◆ Work to be completed ◆
Check each line of the listing below for the string "then", and copy the ones that have it.

◆ Data provided ◆
=== Section Start ===
Lemma nth_sort_lt (s : seq R) i (c : R) : (i < size s)%N ->
  (nth 0 (sort <=%R s) i < c) = (i < count (fun y => (y < c)%R) s)%N.
Proof.
move=> i_lt; rewrite sorted_nth_lt ?size_sort ?sort_sorted //; last exact: le_total.
by rewrite (seq.permP (permEl (perm_sort _ _))).
Qed.

End order_statistics.

Section rank.
Variables (R : realType) (M : nat) (s : {perm 'I_M}) (S : 'I_M -> R).
Local Notation prec := (prec_pi s S).

Definition rank_pi (c : 'I_M) : nat := #|[pred j | prec c j]|.+1.

Lemma prec_pi_irr c : prec c c = false.
Proof. by rewrite /prec_pi ltxx ltnn andbF. Qed.

Lemma prec_pi_trans a b c : prec a b -> prec b c -> prec a c.
Proof.
rewrite /prec_pi => /orP[ab|/andP[/eqP ab sab]] /orP[bc|/andP[/eqP bc sbc]].
- by rewrite (lt_trans ab bc).
- by rewrite -bc ab.
- by rewrite ab bc.
- by rewrite ab bc eqxx (ltn_trans sab sbc) orbT.
Qed.

Lemma prec_pi_total a b : a != b -> prec a b || prec b a.
Proof.
move=> ab; rewrite /prec_pi; case: ltgtP => //= _.
by rewrite -neq_ltn (inj_eq val_inj) (inj_eq perm_inj).
Qed.

Lemma rank_pi_le c : (rank_pi c <= M)%N.
Proof.
rewrite -[M in (_ <= M)%N]card_ord; apply: proper_card; apply/properP; split.
  exact: subset_predT.
by exists c; rewrite ?inE ?prec_pi_irr.
Qed.

Lemma rank_pi_lt a b : prec a b -> (rank_pi b < rank_pi a)%N.
Proof.
move=> ab; rewrite ltnS; apply: proper_card; apply/properP; split.
  by apply/fintype.subsetP => j; rewrite !inE; exact: prec_pi_trans.
by exists b; rewrite !inE ?prec_pi_irr.
Qed.

Lemma rank_pi_inj : injective rank_pi.
Proof.
move=> a b rank_ab; apply/eqP; apply: contraT => /prec_pi_total.
by case/orP => /rank_pi_lt; rewrite rank_ab ltnn.
Qed.

Lemma card_rank_pi_le q : (q <= M)%N -> #|[pred c | (rank_pi c <= q)%N]| = q.
Proof.
move=> qM; pose f c : 'I_M := Ordinal (rank_pi_le c).
have inj_f : injective f.
  by move=> a b /(congr1 val) /= ab; apply: rank_pi_inj; rewrite /rank_pi ab.
have card_lt : #|[set i : 'I_M | (i < q)%N]%SET| = q.
  rewrite -sum1_card (eq_bigl (fun i : 'I_M => (i < q)%N)) => [|i]; last by rewrite inE.
  by rewrite -(big_ord_widen _ (fun _ => 1%N) qM) sum1_card card_ord.
rewrite -[RHS]card_lt -(card_preimset _ inj_f).
by apply: eq_card => c; rewrite !inE.
Qed.

End rank.
Arguments rank_pi {R M} s S c.

Lemma rank_pi_comp (R : realType) (M : nat) (s g : {perm 'I_M}) (S : 'I_M -> R) c :
  rank_pi (g * s)%g (S \o g) c = rank_pi s S (g c).
Proof.
congr _.+1; rewrite -[RHS]cardsE -(card_preimset _ (@perm_inj _ g)).
by apply: eq_card => j; rewrite !inE /prec_pi /= !permM.
Qed.

Lemma rankR_rank_pi {R : realType} {n m' : nat} (k : nat) (x : 'I_n -> R)
    (a : {ffun 'I_n * 'I_m' -> bool}) (s : {perm 'I_m'.+1}) (theta : R) :
  rankR (m := m'.+1) k x a s theta = rank_pi s (Sstat (m := m'.+1) k x a theta) ord0.
Proof.
rewrite /rankR /rank_pi add1n; congr _.+1; apply: eq_card => j; rewrite !inE.
by case: (unliftP ord0 j) => [j'|] ->; rewrite ?prec_pi_irr // lift0.
Qed.

Section measurable_statistics.
Context {d : measure_display} {T : measurableType d} {R : realType}.

Lemma measurable_fun_nth_sort (k : nat) (f : 'I_k -> T -> R) i :
  (forall l, measurable_fun setT (f l)) ->
  measurable_fun setT (fun t => nth 0 (sort <=%R [seq f l t | l <- enum 'I_k]) i).
Proof.
move=> mf; have [ik|ki] := ltnP i k; last first.
  rewrite (_ : (fun t => _) = cst 0) //; apply/funext => t.
  by rewrite nth_default // size_sort size_map size_enum_ord.
apply: (measurability _ (RGenInftyO.measurableE R)) => //.
move=> _ [_ [x ->] <-]; rewrite setTI.
have ltE t : (nth 0 (sort <=%R [seq f l t | l <- enum 'I_k]) i < x) =
    (i < count [ffun l => (f l t < x)%R] (enum 'I_k))%N.
  rewrite nth_sort_lt ?size_map -?enumT ?size_enum_ord // count_map.
  by congr (_ < _)%N; apply: eq_count => l; rewrite /= ffunE.
rewrite (_ : _ @^-1` _ = [set t | (i < count [ffun l => (f l t < x)%R] (enum 'I_k))%N]).
  apply: (measurable_ffun_pred (fun l t => (f l t < x)%R)
    (fun g => i < count g (enum 'I_k))%N) => l.
  by apply: measurableT_preimage => //; exact: measurable_fun_ltr.
by apply/seteqP; split => t; rewrite /= in_itv /= ltE.
Qed.

Lemma measurable_fun_mom {n : nat} (k : nat) (x : 'I_n -> T -> R) :
  (forall i, measurable_fun setT (x i)) ->
  measurable_fun setT (fun t => mom k (fun i => x i t)).
Proof.
move=> mx; under eq_fun do rewrite /mom /med size_map size_enum_ord.
apply: measurable_fun_nth_sort => l; apply: measurable_funM => //.
under eq_fun do rewrite big_mkcond /=.
by apply: measurable_sum => i; case: (block l i).
Qed.

Lemma measurable_fun_Sstat {n : nat} (k : nat) {m : nat} (x : 'I_n -> T -> R)
    (a : {ffun 'I_n * 'I_m.-1 -> bool}) (theta : R) (j : 'I_m) :
  (forall i, measurable_fun setT (x i)) ->
  measurable_fun setT (fun t => Sstat k (x^~ t) a theta j).
Proof.
move=> mx; apply: measurable_funB => //.
apply: (measurable_fun_mom k (fun i t => resample (x^~ t) a theta j i)) => i.
rewrite /resample; case: (j == 0 :> nat) => //.
by apply: measurable_funD => //; apply: measurable_funM => //; apply: measurable_funB.
Qed.

Lemma measurable_rank_pi {M : nat} (s : {perm 'I_M}) (S : 'I_M -> T -> R) c
    (Q : pred nat) :
  (forall j, measurable_fun setT (S j)) ->
  measurable [set t | Q (rank_pi s (S^~ t) c)].
Proof.
move=> mS.
pose b (p : 'I_M * bool) t := if p.2 then S c t < S p.1 t else S c t == S p.1 t.
pose F (g : {ffun 'I_M * bool -> bool}) :=
  Q #|[pred j | g (j, true) || g (j, false) && (s c < s j)%N]|.+1.
have rankE t : F [ffun p => b p t] = Q (rank_pi s (S^~ t) c).
  by rewrite /F /rank_pi; congr (Q _.+1); apply: eq_card => j; rewrite !inE !ffunE.
rewrite (_ : [set t | _] = [set t | F [ffun p => b p t]]); last first.
  by apply/seteqP; split => t /=; rewrite rankE.
apply: measurable_ffun_pred => -[j []]; apply: measurableT_preimage => //.
- exact: measurable_fun_ltr.
- exact: measurable_fun_eqr.
Qed.

End measurable_statistics.

Section sample_space.
Variables (R : realType) (n m' : nat).

Definition signs := {ffun 'I_n * 'I_m' -> bool}.
Definition sample := (('I_n -> R) * (signs * {perm 'I_m'.+1}))%type.
HB.instance Definition _ := gen_eqMixin sample.
HB.instance Definition _ := gen_choiceMixin sample.
HB.instance Definition _ := isPointed.Build sample (fun _ => 0, ([ffun => true], 1%g)).

Definition box (B : 'I_n -> set R) (A : set signs) (S : set {perm 'I_m'.+1}) :
    set sample :=
  [set v | (forall i, B i (v.1 i)) /\ A v.2.1 /\ S v.2.2].

Definition boxes : set (set sample) :=
  [set E | exists B A S, (forall i, measurable (B i)) /\ E = box B A S].

Definition msample := g_sigma_algebraType boxes.

Lemma measurable_box B A S :
  (forall i, measurable (B i)) -> measurable (box B A S : set msample).
Proof. by move=> mB; apply: sub_sigma_algebra; exists B, A, S. Qed.

Lemma boxes_setI_closed : setI_closed boxes.
Proof.
move=> _ _ [B [A [S [mB ->]]]] [B' [A' [S' [mB' ->]]]].
exists (fun i => B i `&` B' i), (A `&` A'), (S `&` S'); split.
  by move=> i; apply: measurableI.
apply/seteqP; split => v /=.
  by move=> [[Bv [Av Sv]] [B'v [A'v S'v]]]; do !split => // i.
by move=> [BB'v [[Av A'v] [Sv S'v]]]; split; split => // i; case: (BB'v i).
Qed.

Lemma boxesT : boxes setT.
Proof. by exists (fun=> setT), setT, setT; split => //; apply/seteqP. Qed.

Lemma measurable_fun_data i : measurable_fun setT (fun v : msample => v.1 i).
Proof.
move=> _ B mB; rewrite setTI.
have -> : (fun v : msample => v.1 i) @^-1` B =
    box (fun j => if j == i then B else setT) setT setT.
  apply/seteqP; split => v /=; last by move=> [/(_ i)]; rewrite eqxx.
  by move=> Bv; split => // j; case: eqP => [->|].
by apply: measurable_box => j; case: eqP.
Qed.

Lemma measurable_fun_to_sample d (T : measurableType d) (f : T -> msample) :
  (forall B A S, (forall i, measurable (B i)) -> measurable (f @^-1` box B A S)) ->
  measurable_fun setT f.
Proof.
move=> mf; apply: (@measurability _ _ T msample setT f boxes) => //.
by move=> _ [_ [B [A [S [mB ->]]]] <-]; rewrite setTI; exact: mf.
Qed.

Variables (k : nat) (mu : R).

Definition sample_rank (c : 'I_m'.+1) (v : msample) : nat :=
  rank_pi v.2.2 (Sstat (m := m'.+1) k v.1 v.2.1 mu) c.

Lemma measurable_sample_rank c (Q : pred nat) :
  measurable [set v : msample | Q (sample_rank c v)].
Proof.
apply: (measurable_fibers (fun v : msample => v.2)) => -[a s].
rewrite (_ : _ `&` _ = [set v : msample |
    Q (rank_pi s (Sstat (m := m'.+1) k v.1 a mu) c)] `&` box (fun=> setT) [set a] [set s]).
  apply: measurableI; last exact: measurable_box.
  apply: (measurable_rank_pi s (fun j (v : msample) => Sstat (m := m'.+1) k v.1 a mu j)).
  by move=> j; apply: measurable_fun_Sstat => i; exact: measurable_fun_data.
apply/seteqP; split => -[x [a' s']]; rewrite /box /=.
  by case=> Qv [] <- <-.
by case=> Qv [_ [-> ->]].
Qed.

End sample_space.
Arguments box {R n m'}.
Arguments sample_rank {R n m'}.
Arguments measurable_box {R n m' B A S}.
Arguments measurable_fun_to_sample {R n m' d T f}.
Arguments measurable_sample_rank {R n m'}.

Lemma sign_at_lift {n m' : nat} (a : {ffun 'I_n * 'I_m' -> bool}) i (c : 'I_m') :
  sign_at (m := m'.+1) a i (lift ord0 c) = a (i, c).
Proof. by rewrite /sign_at lift0 /= valK. Qed.

Section swap_invariance.
Context {d : measure_display} {T : measurableType d} {R : realType}.
Variables (P : probability T R) (n k m' : nat) (mu : R) (X : 'I_n -> T -> R)
  (alpha : T -> signs n m') (pi : T -> {perm 'I_m'.+1}).
Hypothesis mX : forall i, measurable_fun setT (X i).
Hypothesis malpha : forall A, measurable (alpha @^-1` A).
Hypothesis mpi : forall S, measurable (pi @^-1` S).
Hypothesis indep : forall (B : 'I_n -> set R) (A : set (signs n m'))
    (S : set {perm 'I_m'.+1}),
  (forall i, measurable (B i)) ->
  P ((\bigcap_i (X i @^-1` B i)) `&` (alpha @^-1` A) `&` (pi @^-1` S)) =
  ((\prod_(i < n) P (X i @^-1` B i)) * P (alpha @^-1` A) * P (pi @^-1` S))%E.
Hypothesis X_sym : forall i (B : set R), measurable B ->
  P (X i @^-1` B) = P (X i @^-1` ((fun y => 2 * mu - y) @^-1` B)).
Hypothesis alpha_unif : forall a b, P (alpha @^-1` [set a]) = P (alpha @^-1` [set b]).
Hypothesis pi_unif : forall s s', P (pi @^-1` [set s]) = P (pi @^-1` [set s']).

Definition flip (b : bool) (y : R) : R := sgn b * (y - mu) + mu.

Definition swap_signs (c : 'I_m') (a : signs n m') : signs n m' :=
  [ffun p => if p.2 == c then a p else a p == a (p.1, c)].

Definition swap0 (c : 'I_m') : {perm 'I_m'.+1} := tperm ord0 (lift ord0 c).

Definition obs (t : T) : msample R n m' := (X^~ t, (alpha t, pi t)).

(* The observation seen from the resample D_(c+1)(mu): its data are D_(c+1)(mu),
   and its signs are the products alpha_(i,j) alpha_(i,c+1) (booleans multiply
   by [==]) except at c, where alpha_(i,c+1) itself flips the data back to D_0. *)
Definition obs_swap (c : 'I_m') (t : T) : msample R n m' :=
  (fun i => flip (alpha t (i, c)) (X i t),
   (swap_signs c (alpha t), (swap0 c * pi t)%g)).

Lemma swap_signsK c : involutive (swap_signs c).
Proof.
move=> a; apply/ffunP => p; rewrite !ffunE /=.
by case: eqP => // _; rewrite eqxx; case: (a p); case: (a (p.1, c)).
Qed.

Lemma flip_flip b1 b2 y : flip b1 (flip b2 y) = flip (b1 == b2) y.
Proof.
rewrite /flip addrK mulrA; congr (_ * _ + _).
by case: b1; case: b2; rewrite /sgn /= ?mul1r ?mulN1r ?opprK.
Qed.

Lemma flipT y : flip true y = y.
Proof. by rewrite /flip /sgn mul1r subrK. Qed.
=== Section End ===
◆ Solution to this task ◆
pose b (p : 'I_M * bool) t := if p.2 then S c t < S p.1 t else S c t == S p.1 t.
    box (fun j => if j == i then B else setT) setT setT.
  [ffun p => if p.2 == c then a p else a p == a (p.1, c)].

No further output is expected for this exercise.